Woman reported fake shooter on military base to ‘trauma bond’: feds



The woman who called in a fake active shooter threat at a New Jersey military base wanted to “trauma bond” with coworkers, investigators said.

Malika Brittingham, a civilian Navy employee at Joint Base McGuire-Dix-Lakehurst, was arrested Tuesday in connection with the threat.

The Army-Navy-Air Force base around 20 miles southeast of Trenton went into lockdown for about an hour on Tuesday afternoon before an “all-clear” was given.

Brittingham texted someone around 10:15 a.m. and said she heard multiple gunshots and was hiding with other people in a closet, according to federal investigators. The text message recipient called the base’s 911 operations center and repeated Brittingham’s warning, leading to the base-wide lockdown.

Authorities said that when Brittingham was initially interviewed, she claimed to have only sent the text after the lockdown notice went out, ABC News reported. However, investigators determined that was not the case.

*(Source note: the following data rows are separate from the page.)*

(* If a propositional logic $\mathbf{L}$ is decidable, then it has an effective sequential approximation.
   Context: A propositional language $\mathcal{L}$ has variables $X_1,X_2,\ldots$ and finitely many connectives with arities; $\mathrm{Frm}(\mathcal{L})$ is the set of formulas. A propositional logic is a set $\mathbf{L}\subseteq\mathrm{Frm}(\mathcal{L})$ closed under substitution of formulas for variables. A finite-valued logic $\mathbf{M}$ is given by a finite set $V(\mathbf{M})$ of truth values, designated values $V^+(\mathbf{M})\subseteq V(\mathbf{M})$, and a truth function for each connective; valuations map variables to truth values and extend to formulas; a tautology is a formula designated under every valuation; $\mathrm{Taut}(\mathbf{M})$ is the set of tautologies; $\mathbf{M}_1\unlhd\mathbf{M}_2$ means $\mathrm{Taut}(\mathbf{M}_1)\subseteq\mathrm{Taut}(\mathbf{M}_2)$. A sequential approximation of $\mathbf{L}$ is a sequence $\langle\mathbf{M}_1,\mathbf{M}_2,\ldots\rangle$ of finite-valued logics over $\mathcal{L}$ such that $\mathbf{M}_i\unlhd\mathbf{M}_j$ whenever $i\ge j$, and $\mathbf{L}=\bigcap_j\mathrm{Taut}(\mathbf{M}_j)$. It is effective if the sequence is effectively enumerated (there is an algorithm producing, given $i$, the finite description of $\mathbf{M}_i$). *)

From Stdlib Require Import Arith List.
Import ListNotations.

(* A language: finitely many connectives, numbered 0 .. nconn-1, with arities. *)
Record lang := Lang { nconn : nat; arity : nat -> nat }.

Inductive term : Type :=
| Var : nat -> term
| App : nat -> list term -> term.

(* Well-formed formulas of the language L: connectives exist and are applied
   to the right number of arguments.  Frm(L) = { t | wf L t }. *)
Fixpoint wf (L : lang) (t : term) : Prop :=
  match t with
  | Var _ => True
  | App c args =>
      c < nconn L /\ length args = arity L c /\
      (fix wfl (l : list term) : Prop :=
         match l with
         | [] => True
         | a :: l' => wf L a /\ wfl l'
         end) args
  end.

Fixpoint subst (sigma : nat -> term) (t : term) : term :=
  match t with
  | Var n => sigma n
  | App c args => App c (map (subst sigma) args)
  end.

Definition is_logic (L : lang) (Lg : term -> Prop) : Prop :=
  (forall t, Lg t -> wf L t) /\
  (forall (sigma : nat -> term) (t : term),
      (forall n, wf L (sigma n)) -> Lg t -> Lg (subst sigma t)).

(* Truth values are 0 .. nv-1; designated values are those v < nv with
   desig v = true; op c is the truth function of connective c. *)
Record fmatrix := FMatrix {
  nv : nat;
  desig : nat -> bool;
  op : nat -> list nat -> nat }.

Definition is_fmatrix (L : lang) (M : fmatrix) : Prop :=
  0 < nv M /\
  forall c vs, c < nconn L -> length vs = arity L c ->
    Forall (fun v => v < nv M) vs -> op M c vs < nv M.

Fixpoint evalM (M : fmatrix) (val : nat -> nat) (t : term) : nat :=
  match t with
  | Var n => val n
  | App c args => op M c (map (evalM M val) args)
  end.

Definition Taut (L : lang) (M : fmatrix) (t : term) : Prop :=
  wf L t /\
  forall val : nat -> nat, (forall n, val n < nv M) ->
    desig M (evalM M val t) = true.

Definition seq_approx (L : lang) (Lg : term -> Prop) (Ms : nat -> fmatrix)
  : Prop :=
  (forall i, is_fmatrix L (Ms i)) /\
  (forall i j, j <= i -> forall t, Taut L (Ms i) t -> Taut L (Ms j) t) /\
  (forall t, wf L t -> (Lg t <-> forall j, Taut L (Ms j) t)).

Inductive rf : Type :=
| rZero : rf
| rSucc : rf
| rProj : nat -> rf
| rComp : rf -> list rf -> rf
| rPrim : rf -> rf -> rf
| rMu   : rf -> rf.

Eventually, Brittingham admitted to sending the threat because she’d been “ostracized by her co-workers and hoped that their shared experience in response to an active shooter would allow them to ‘trauma bond,’” the feds wrote in charging documents.

“This kind of senseless fear-mongering and disruption will not be tolerated in my state,” acting New Jersey U.S. Attorney Alina Habba wrote on social media.